### YOUR ASSIGNMENT
Select every line below containing the word "have".

== Segment start ==

Lemma chernoff_dual_scale B c1 c2 k l t u : 0 < c1 -> c1 < c2 -> 0 <= t <= 1 ->
  c2 / c1 * chernoff_dual (c1 *: B) k l t u <= chernoff_dual (c2 *: B) k l t u.
Proof.
move=> c1_gt0 c12 /andP[t0 t1]; rewrite !chernoff_dual_scaleE.
set L := \sum_m _; set Q := \sum_m _.
have Q_ge0 : 0 <= Q.
  apply: sumr_ge0 => m _; apply: mulr_ge0 (sqr_ge0 _).
  apply: mulr_ge0 (ltW (pi_gt0 m)) _.
  by apply: addr_ge0; apply: mulr_ge0; rewrite ?subr_ge0 ?sqr_ge0.
have -> : c2 / c1 * (c1 * L + c1 ^+ 2 * Q) = c2 * L + c2 * c1 * Q.
  by field; rewrite gt_eqF.
rewrite lerD2l expr2 -!mulrA ler_pM2l ?(lt_trans c1_gt0) //.
by rewrite ler_wpM2r // ltW.
Qed.

End ChernoffDual.

Section SpectralDecomposition.
Variables (R : realType) (K : nat) (A : 'M[R]_K) (D : sdecomp A).
Local Notation d := (dp D + dm D)%N.

Definition sqrt_eig : 'rV[R]_d := \row_i Num.sqrt `|ds D 0 i|.

Lemma ds_neq0 i : ds D 0 i != 0.
Proof.
by case: (ltnP i (dp D)) => [/ds_pos/gt_eqF|/ds_neg/lt_eqF] ->.
Qed.

Lemma sqrt_eig_gt0 i : 0 < sqrt_eig 0 i.
Proof. by rewrite mxE sqrtr_gt0 normr_gt0 ds_neq0. Qed.

Lemma diag_sqrt_eig_Ipm :
  diag_mx sqrt_eig *m Ipm D *m diag_mx sqrt_eig = diag_mx (ds D).
Proof.
rewrite /Ipm !mulmx_diag; congr diag_mx; apply/rowP => i; rewrite !mxE.
rewrite mulrAC -expr2 sqr_sqrtr ?normr_ge0 //.
case: ltnP => [/ds_pos/ltW/ger0_norm|/ds_neg/ltr0_norm] ->.
  by rewrite mulr1.
by rewrite mulrN1 opprK.
Qed.

Lemma Ipm_invol : Ipm D *m Ipm D = 1%:M.
Proof.
rewrite /Ipm mulmx_diag -diag_const_mx; congr diag_mx; apply/rowP => i.
by rewrite !mxE; case: ifP; rewrite ?mulr1 ?mulrN1 ?opprK.
Qed.

Lemma nu_Ipm_nuT : nu D *m Ipm D *m (nu D)^T = A.
Proof.
apply: etrans _ (esym (dB D)).
by rewrite /nu -/sqrt_eig trmx_mul tr_diag_mx -diag_sqrt_eig_Ipm !mulmxA.
Qed.

Lemma nuk_Ipm_nukT k l : (nuk D k *m Ipm D *m (nuk D l)^T) 0 0 = A k l.
Proof. by rewrite /nuk -row_mul mulmx_trmx_row -row_mul nu_Ipm_nuT mxE. Qed.

Lemma sub_nuT : (A <= (nu D)^T)%MS.
Proof. by apply/submxP; exists (nu D *m Ipm D); rewrite nu_Ipm_nuT. Qed.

== Segment end ==

### EXERCISE OUTPUT
have Q_ge0 : 0 <= Q.
have -> : c2 / c1 * (c1 * L + c1 ^+ 2 * Q) = c2 * L + c2 * c1 * Q.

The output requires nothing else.